We’ve got some cookie, cake, muffin top, biscuit type action happening here!!
These cookies are daaaarrrrnnn tootin fun #DTF ( Name that show, and no – not jersey shore), but I don’t know if I can actually call them a cookie.
Can we just call them breakfast?! Oranges, cranberries and muffin top crumble?!?! Wait, does that kind of remind you of a coffee cake.
I feel like my recipe is going through an identity crisis!!
Does it all cancel out, if it’s deeeelicious?!

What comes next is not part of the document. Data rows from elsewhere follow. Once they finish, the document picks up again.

(* Summing out the first
   variable q leaves a univariate series in y = q / (1 - S), with S the sum of the others,
   since 1 - q - S = (1 - y) (1 - S). *)
Lemma negmult_sum_le qs r M : all (>= 0) qs -> \sum_(q <- qs) q < 1 ->
  (1 - \sum_(q <- qs) q) ^+ r.+1 *
    \sum_(s <- box (size qs) M) (negmult_coef r s)%:R * monomial qs s <= 1.
Proof.
elim: qs r => [|q qs IH] r.
  by move=> _ _; rewrite big_seq1 big_nil subr0 expr1n !mul1r.
move=> /andP[q0 qs0]; rewrite big_cons => hS.
set S := \sum_(q <- qs) q in hS IH *.
have S0 : 0 <= S by rewrite /S big_seq sumr_ge0 // => x /(allP qs0).
set a : R := 1 - S; have a0 : 0 < a by rewrite /a; lra.
set T := fun r' => \sum_(s <- box (size qs) M) (negmult_coef r' s)%:R * monomial qs s.
have T_le r' : T r' <= (a ^+ r'.+1)^-1.
  by rewrite -[X in _ <= X]mulr1 ler_pdivlMl ?exprn_gt0 // IH //; lra.
have y01 : 0 <= q / a < 1.
  by rewrite divr_ge0 ?(ltW a0) //= ltr_pdivrMr // mul1r /a; lra.
apply: le_trans (negbin_sum_le r M y01).
rewrite big_box_recl.
have -> : 1 - (q + S) = (1 - q / a) * a.
  by rewrite mulrBl mul1r divfK ?gt_eqF // /a; ring.
rewrite exprMn -mulrA; apply: ler_wpM2l.
  by case/andP: y01 => _ /ltW; rewrite -subr_ge0 => /exprn_ge0->.
rewrite mulr_sumr /negbin_sum; apply: ler_sum => j _.
have -> : \sum_(s <- box (size qs) M)
      (negmult_coef r ((j : nat) :: s))%:R * monomial (q :: qs) ((j : nat) :: s)
    = 'C(r + j, j)%:R * q ^+ j * T (r + j)%N.
  rewrite /T mulr_sumr; apply: eq_bigr => s _ /=.
  by rewrite natrM -!mulrA; congr (_ * _); rewrite mulrCA.
have -> : 'C(r + j, j)%:R * (q / a) ^+ j
    = a ^+ r.+1 * ('C(r + j, j)%:R * q ^+ j * (a ^+ (r + j).+1)^-1).
  by rewrite expr_div_n -addSn exprD invfM; field; rewrite !expf_neq0 ?gt_eqF.
apply: ler_wpM2l; first by rewrite exprn_ge0 ?ltW.
by apply: ler_wpM2l; [rewrite mulr_ge0 ?exprn_ge0 | exact: T_le].
Qed.

End NegativeMultinomialSeries.

Definition tailv (T : Type) (k : nat) (f : 'I_k.+1 -> T) : seq T :=
  [seq f (lift ord0 i) | i <- enum 'I_k].

Lemma big_tailv (R T : Type) (idx : R) (op : Monoid.law idx) k (f : 'I_k.+1 -> T)
    (F : T -> R) :
  \big[op/idx]_(j <- tailv f) F j = \big[op/idx]_(i < k) F (f (lift ord0 i)).
Proof. by rewrite big_map enumT unlock. Qed.

Lemma size_tailv (T : Type) k (f : 'I_k.+1 -> T) : size (tailv f) = k.
Proof. by rewrite size_map size_enum_ord. Qed.

Lemma tailv_inj (T : eqType) k (f g : {ffun 'I_k.+1 -> T}) :
  f ord0 = g ord0 -> tailv f = tailv g -> f = g.
Proof.
move=> fg0 /eq_in_map fg; apply/ffunP => i.
by case: (unliftP ord0 i) => [j ->|->] //; apply: fg; rewrite mem_enum.
Qed.

Lemma monomial_tailv (R : realFieldType) k (q : 'I_k.+1 -> R) (x : 'I_k.+1 -> nat) :
  monomial (tailv q) (tailv x) = \prod_(i < k) q (lift ord0 i) ^+ x (lift ord0 i).
Proof. by rewrite monomial_map enumT unlock. Qed.

Section NegativeMultinomialChernoff.
Variable R : realType.
Implicit Types (k r : nat).

Lemma esum_le_seq (T : choiceType) (S : set T) (f : T -> R) (c : R) :
  (forall L : seq T, uniq L -> {in L, forall x, S x} -> \sum_(x <- L) f x <= c) ->
  (\esum_(x in S) (f x)%:E <= c%:E)%E.
Proof.
move=> hL; apply: ge_ereal_sup => _ [X [finX XS] <-].
rewrite fsbig_finite // sumEFin lee_fin; apply: hL; first exact: finmap.fset_uniq.
by move=> x; rewrite in_fset_set // inE => /XS.
Qed.

Lemma negmult_pmfE k r (p : 'I_k.+1 -> R) (x : {ffun 'I_k.+1 -> nat}) : x ord0 = r.+1 ->
  negmult_pmf r.+1 p x = (negmult_coef r (tailv x))%:R * \prod_(i < k.+1) p i ^+ x i.
Proof.
move=> x0; rewrite /negmult_pmf /vsum; congr (_ * _).
have := negmult_coef_fact r (tailv x); rewrite !big_tailv !big_ord_recl x0.
set m := (\sum_(i < k) _)%N; set P := (\prod_(i < k) _)%N => hc.
have P0 : (P%:R : R) != 0 by rewrite pnatr_eq0 -lt0n prodn_gt0 // => i; exact: fact_gt0.
have fr0 : (r`!%:R : R) != 0 by rewrite pnatr_eq0 -lt0n fact_gt0.
have -> : (negmult_coef r (tailv x))%:R = (r + m)`!%:R / (r`! * P)%:R :> R.
  by rewrite -hc natrM mulfK // natrM mulf_neq0.
rewrite addSn !factS !natrM; field.
by rewrite P0 fr0 -natrD !nat1r !pnatr_eq0.
Qed.

Lemma negmult_pmf_ge0 k gamma (p : 'I_k.+1 -> R) (x : {ffun 'I_k.+1 -> nat}) :
  (forall i, 0 <= p i) -> 0 <= negmult_pmf gamma p x.
Proof.
move=> p0; rewrite /negmult_pmf !mulr_ge0 ?divr_ge0 //.
by apply: prodr_ge0 => i _; rewrite exprn_ge0.
Qed.

Lemma negmult_mgf_le k r (p t : 'I_k.+1 -> R) (L : seq {ffun 'I_k.+1 -> nat}) :
  (forall i, 0 <= p i) -> (forall i, 0 <= t i) ->
  \sum_(i < k) p (lift ord0 i) * t (lift ord0 i) < 1 ->
  uniq L -> {in L, forall x : {ffun 'I_k.+1 -> nat}, x ord0 = r.+1} ->
  \sum_(x <- L) negmult_pmf r.+1 p x * \prod_(i < k) t (lift ord0 i) ^+ x (lift ord0 i)
  <= p ord0 ^+ r.+1 / (1 - \sum_(i < k) p (lift ord0 i) * t (lift ord0 i)) ^+ r.+1.
Proof.
move=> p0 t0 S1 uL L0.
set qs := tailv (fun i => p i * t i).
have qs0 : all (>= 0) qs by apply/allP => _ /mapP[i _ ->]; rewrite mulr_ge0.
have Sqs : \sum_(i < k) p (lift ord0 i) * t (lift ord0 i) = \sum_(q <- qs) q.
  by rewrite big_tailv.
have termE x : x \in L ->
    negmult_pmf r.+1 p x * \prod_(i < k) t (lift ord0 i) ^+ x (lift ord0 i)
    = p ord0 ^+ r.+1 * ((negmult_coef r (tailv x))%:R * monomial qs (tailv x)).
  move=> /L0 x0; rewrite negmult_pmfE // big_ord_recl x0 /qs monomial_tailv.
  under [X in _ = _ * (_ * X)]eq_bigr do rewrite exprMn.
  by rewrite big_split /=; ring.
rewrite big_seq (eq_bigr _ termE) -big_seq -mulr_sumr Sqs.
rewrite -(big_map (fun x : {ffun 'I_k.+1 -> nat} => tailv x) xpredT
  (fun s => (negmult_coef r s)%:R * monomial qs s)).
apply: ler_wpM2l; first by rewrite exprn_ge0.
have c0 : 0 < (1 - \sum_(q <- qs) q) ^+ r.+1 by rewrite exprn_gt0 // subr_gt0 -Sqs.
rewrite -[X in _ <= X]mul1r ler_pdivlMr // mulrC.
set M := (\sum_(x <- L) vsum x).+1.
apply: le_trans (negmult_sum_le r M qs0 _); last by rewrite -Sqs.
apply: ler_wpM2l; first exact: ltW.
rewrite /qs size_tailv; apply: psumr_uniq_sub_le.
- by rewrite map_inj_in_uniq // => x y /L0 x0 /L0 y0; apply: tailv_inj; rewrite x0 y0.
- exact: box_uniq.
- move=> _ /mapP[x xL ->]; apply: mem_box; first exact: size_tailv.
  apply/allP => _ /mapP[i _ ->]; rewrite /M ltnS.
  apply: (@leq_trans (vsum x)); first by rewrite /vsum (bigD1 (lift ord0 i)) //= leq_addr.
  by rewrite (bigD1_seq x) //= leq_addr.
- by move=> s _; rewrite mulr_ge0 ?monomial_ge0.
Qed.
Lemma d_mul i x y : d i (x * y) = x * d i y + d i x * y.
Proof. by case: (d_der i). Qed.

Lemma iter_der_add I : {morph iter_der d I : x y / x + y}.
Proof. by elim: I => [//|i I IH] x y /=; rewrite IH d_add. Qed.

Lemma iter_der_scale I (c : CC) x : iter_der d I (c *: x) = c *: iter_der d I x.
Proof. by elim: I => [//|i I IH] /=; rewrite IH d_scale. Qed.

Lemma iter_der_rcons I i x : iter_der d (rcons I i) x = iter_der d I (d i x).
Proof. by rewrite /iter_der foldr_rcons. Qed.

Definition flat_to p h := forall I : seq 'I_r, (size I < p)%N -> P (iter_der d I h).

Lemma flat_to_0 h : flat_to 0 h.
Proof. by []. Qed.

Lemma flat_to1 h : flat_to 1 h -> P h.
Proof. by move=> h1; apply: (h1 [::]). Qed.

Lemma flat_to_le p q h : flat_to p h -> (q <= p)%N -> flat_to q h.
Proof. by move=> hh le I hI; apply: hh; lia. Qed.

Lemma flat_toD p x y : flat_to p x -> flat_to p y -> flat_to p (x + y).
Proof.
by move=> hx hy I hI; rewrite iter_der_add; apply: vanishes_onD; [apply: hx|apply: hy].
Qed.

Lemma flat_toB p x y : flat_to p x -> flat_to p y -> flat_to p (x - y).
Proof.
move=> hx hy I hI; rewrite (additive_funB (iter_der_add I)).
by apply: vanishes_onB; [apply: hx|apply: hy].
Qed.

Lemma flat_toZ p (c : CC) x : flat_to p x -> flat_to p (c *: x).
Proof. by move=> hx I hI; rewrite iter_der_scale; apply/vanishes_onZ/hx. Qed.

Lemma flat_to_zero p : flat_to p 0.
Proof.
by move=> I _; rewrite (additive_fun0 (iter_der_add I)); apply: vanishes_on0.
Qed.

Lemma flat_to_sum p n (G : 'I_n -> A) :
  (forall i, flat_to p (G i)) -> flat_to p (\sum_(i < n) G i).
Proof.
by move=> h; elim/big_rec: _ => [|i y _ hy]; [apply: flat_to_zero|apply: flat_toD].
Qed.

Lemma flat_to_der p i h : flat_to p h -> flat_to p.-1 (d i h).
Proof.
by move=> hh I hI; rewrite -iter_der_rcons; apply: hh; rewrite size_rcons; lia.
Qed.

Lemma flat_toM p q a h : flat_to p a -> flat_to q h -> flat_to (p + q) (a * h).
Proof.
move=> + + I; elim/last_ind: I p q a h => [|I i IH] p q a h ha hh hI.
  case: p ha hI => [|p] ha hI; last by apply/vanishes_onMr/(ha [::]).
  exact/vanishes_onMl/(hh [::]).
rewrite size_rcons in hI; rewrite iter_der_rcons d_mul iter_der_add.
apply: vanishes_onD.
  by apply: (IH p q.-1) => //; [apply: flat_to_der|lia].
by apply: (IH p.-1 q) => //; [apply: flat_to_der|lia].
Qed.

Lemma not_flat_toS p h : flat_to p h -> ~ flat_to p.+1 h ->
  exists I : seq 'I_r, size I = p /\ ~ P (iter_der d I h).
Proof.
move=> hp hp1; apply: contrapT => hn; apply: hp1 => I hI; apply: contrapT => hI0.
apply: hn; exists I; split=> //.
by case: (ltnP (size I) p) => [/hp //|]; lia.
Qed.

Lemma contact_order_SomeP f k : co f = Some k <-> flat_to k f /\ ~ flat_to k.+1 f.
Proof.
rewrite /contact_order; case: pselect => [H|H]; last first.
  split=> // [[hk hk1]]; have [I [hIs hI]] := not_flat_toS hk hk1.
  by case: H; exists k, I.
case: ex_minnP => m /asboolP [J [hJs hJ]] hmin; split.
  move=> [<-]; split; last by move=> hW; apply: hJ; apply: hW; lia.
  move=> I hI; apply: contrapT => hn.
  by have := hmin (size I) (asboolT (ex_intro _ I (conj erefl hn))); lia.
move=> [hk hk1]; have [I [hIs hI]] := not_flat_toS hk hk1.
congr Some; apply/eqP; rewrite eqn_leq hmin /=; last by apply/asboolP; exists I.
by rewrite leqNgt; apply/negP => lt; apply: hJ; apply: hk; rewrite hJs.
Qed.

Lemma contact_order_NoneP f : co f = None <-> forall p, flat_to p f.
Proof.
split=> [|hf].
  rewrite /contact_order; case: pselect => // H _ p I hI.
  by apply: contrapT => hn; apply: H; exists (size I), I.
by case e: (co f) => [k|] //; move/contact_order_SomeP: e => [_ []].
Qed.

Lemma flat_to_contact_order f p : flat_to p f <-> enat_le (Some p) (co f).
Proof.
case e: (co f) => [k|] /=; last by split=> // _; move/contact_order_NoneP: e.
move/contact_order_SomeP: e => [hk hk1]; split; last by apply: flat_to_le.
by move=> hp; rewrite leqNgt; apply/negP => lt; apply/hk1/(flat_to_le hp lt).
Qed.

Lemma contact_orderD_ge f g : enat_le (enat_min (co f) (co g)) (co (f + g)).
Proof.
apply: enat_le_lower => p /enat_le_min [].
by rewrite -!flat_to_contact_order => hf hg; apply: flat_toD.
Qed.
(* (1) Co-commensurability is an equivalence relation on pairs $(G,\alpha)$ consisting of a compact group $G$ and an automorphism $\alpha$ of $G$. (2) Two such pairs $(H_1,\alpha_1)$ and $(H_2,\alpha_2)$ are co-commensurable if and only if there is a pair $(L,\gamma)$ (a compact group with automorphism) and surjective homomorphisms $\psi_i:H_i\to L$ with finite kernels satisfying $\gamma\circ\psi_i=\psi_i\circ\alpha_i$ for $i=1,2$.
   Context: Pairs $(G_1,\alpha_1)$ and $(G_2,\alpha_2)$ are co-commensurable if there is a pair $(G,\alpha)$ (compact group with automorphism) and surjective continuous homomorphisms $\varphi_i:G\to G_i$ with finite kernels satisfying $\varphi_i\circ\alpha=\alpha_i\circ\varphi_i$ for $i=1,2$. *)

From HB Require Import structures.
From mathcomp Require Import all_boot all_order.
From mathcomp Require Import all_classical all_reals topology.
Set Implicit Arguments. Unset Strict Implicit. Unset Printing Implicit Defensive.
Local Open Scope classical_set_scope.

Record CGroup := {
  cg_carrier :> topologicalType;
  cg_mul : cg_carrier -> cg_carrier -> cg_carrier;
  cg_one : cg_carrier;
  cg_inv : cg_carrier -> cg_carrier;
  cg_mulA : forall x y z, cg_mul x (cg_mul y z) = cg_mul (cg_mul x y) z;
  cg_mul1g : forall x, cg_mul cg_one x = x;
  cg_mulg1 : forall x, cg_mul x cg_one = x;
  cg_mulVg : forall x, cg_mul (cg_inv x) x = cg_one;
  cg_mulgV : forall x, cg_mul x (cg_inv x) = cg_one;
  cg_mul_cont : continuous (fun p : cg_carrier * cg_carrier => cg_mul p.1 p.2);
  cg_inv_cont : continuous cg_inv;
  cg_compact : compact [set: cg_carrier];
  cg_hausdorff : hausdorff_space cg_carrier
}.

Definition is_hom (G H : CGroup) (f : G -> H) : Prop :=
  forall x y, f (cg_mul x y) = cg_mul (f x) (f y).

Definition is_auto (G : CGroup) (a : G -> G) : Prop :=
  is_hom a /\ continuous a /\
  exists b : G -> G, cancel a b /\ cancel b a /\ continuous b.

Definition fk_quot (G H : CGroup) (f : G -> H) : Prop :=
  is_hom f /\ continuous f /\ (forall y : H, exists x : G, f x = y) /\
  finite_set [set x : G | f x = cg_one H].

Record CGPair := {
  cgp_group :> CGroup;
  cgp_aut : cgp_group -> cgp_group;
  cgp_autP : is_auto cgp_aut
}.

Arguments cgp_aut : clear implicits.

Definition cocommensurable (P1 P2 : CGPair) : Prop :=
  exists (P : CGPair) (phi1 : P -> P1) (phi2 : P -> P2),
    fk_quot phi1 /\ fk_quot phi2 /\
    (forall x : P, phi1 (cgp_aut P x) = cgp_aut P1 (phi1 x)) /\
    (forall x : P, phi2 (cgp_aut P x) = cgp_aut P2 (phi2 x)).

From HB Require Import structures.
From mathcomp Require Import all_boot all_order.
From mathcomp Require Import all_classical all_reals topology.
Set Implicit Arguments. Unset Strict Implicit. Unset Printing Implicit Defensive.
Local Open Scope classical_set_scope.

Heh – the weather around Toronto is also going through a bit of an identity crisis — I know I will regret these words come February but it’s December uno and I haven’t seen any snow … HOW THE HECK WILL WE HAVE CHRISTMAS WITHOUT SNOW?!?! In random news, did anyone go black Friday shopping?!? Cyber Monday clicking?!!?
Oh the holidays … soooo darrrrrnnn tootin fun!!
Orange Cranberry Muffin Cookies
1 1/2 cups flour
½ cup cake flour
2 teaspoons baking powder
1/2 teaspoon sea salt
1/2 cup butter, softened
1 cup sugar
1/3 cup milk
1 teaspoon orange extract
2 teaspoon mixed peel (or orange zest)
1 cup dried cranberries
¼ cup flour
¼ cup turbinado sugar
2 tablespoons butter
In a small bowl, combine topping ingredients. Set aside until you are ready to use.
Combine flours, baking powder, and sea salt in a bowl, set aside.
In a bowl cream together butter and sugar. Add in egg and beat until combined. Add milk, and orange extract.
Slowly add dry ingredients into the wet ingredients, and mix until combined. Gently fold in mixed peel and cranberries.
Refrigerate the dough for at least one hour.
Once chilled, scoop out large balls, placing at least an inch apart on your prepared baking tray. Top with prepared topping .
Bake for 15 minutes, at 325.
Allow to cool on baking sheet for at least 5 minutes, before transferring to a wire rack.